THE residents of Bacolod City and suburbs literally face a bright New Year with the expected approval by the House of Representatives of a franchise law for the Negros Electric and Power Corporation (NEPC) as their power-distribution utility, since it has already gained preliminary approval by the House Committee on Legislative Franchises.

House Bill (HB) No. 9310 calls for the creation of NEPC as a result of the joint venture agreement between the old Central Negros Electric Cooperative (Ceneco) and Primelectric Holdings Inc.

The measure empowers the NEPC to be the distribution utility in Bacolod, Bago, Silay, and Talisay cities, as well as in the municipalities of Murcia and Don Salvador Benedicto, Negros Occidental.
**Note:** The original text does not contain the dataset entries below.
Lemma dotvZl a u w : pl_dotv (a *: u) w = a * pl_dotv u w.
Proof. by rewrite /pl_dotv mulr_sumr; apply: eq_bigr => i _; rewrite !mxE mulrA. Qed.

Lemma dotvNl u w : pl_dotv (- u) w = - pl_dotv u w.
Proof. by rewrite -scaleN1r dotvZl mulN1r. Qed.

Lemma dotvDr u v w : pl_dotv w (u + v) = pl_dotv w u + pl_dotv w v.
Proof. by rewrite dotvC dotvDl !(dotvC w). Qed.

Lemma dotvZr a u w : pl_dotv w (a *: u) = a * pl_dotv w u.
Proof. by rewrite dotvC dotvZl dotvC. Qed.

Lemma dotvNr u w : pl_dotv w (- u) = - pl_dotv w u.
Proof. by rewrite dotvC dotvNl dotvC. Qed.

Lemma dotvv_ge0 v : 0 <= pl_dotv v v.
Proof. by apply: sumr_ge0 => i _; rewrite -expr2 sqr_ge0. Qed.

Lemma dotvv_eq0 v : (pl_dotv v v == 0) = (v == 0).
Proof.
apply/idP/eqP => [|->]; last by rewrite /pl_dotv big1 // => i _; rewrite mxE mul0r.
rewrite psumr_eq0 => [/allP v0|i _]; last by rewrite -expr2 sqr_ge0.
apply/rowP => i; rewrite mxE.
by have := v0 i (mem_index_enum i); rewrite /= -expr2 sqrf_eq0 => /eqP.
Qed.

Lemma dotvv_gt0 v : v != 0 -> 0 < pl_dotv v v.
Proof. by move=> v0; rewrite lt_def dotvv_eq0 v0 dotvv_ge0. Qed.

Lemma enorm_ge0 v : 0 <= pl_enorm v.
Proof. exact: sqrtr_ge0. Qed.

Lemma enorm_sqr v : pl_enorm v ^+ 2 = pl_dotv v v.
Proof. by rewrite sqr_sqrtr // dotvv_ge0. Qed.

Lemma enorm_gt0 v : v != 0 -> 0 < pl_enorm v.
Proof. by move=> v0; rewrite sqrtr_gt0 dotvv_gt0. Qed.

Lemma enorm0 : pl_enorm (0 : 'rV[R]_N) = 0.
Proof. by apply/eqP; rewrite sqrtr_eq0 le_eqVlt dotvv_eq0 eqxx. Qed.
Primelectric President Roel Castro said that the people’s approval of the joint venture in a plebiscite mirrored their need for improved electric services, which Ceneco could not deliver.

“There’s a lot of complaints,” a Manila daily quoted Castro. “Their system loss is already beyond the cap. And when the systems loss is above the cap, it means that it is being passed on to the bottom-line consumers, and CENECO is already losing P20 to P30 million a month.”

Under the new NEPC, 30 percent of the ownership will be retained by CENECO, while Primelectric will purchase 70 percent of its assets.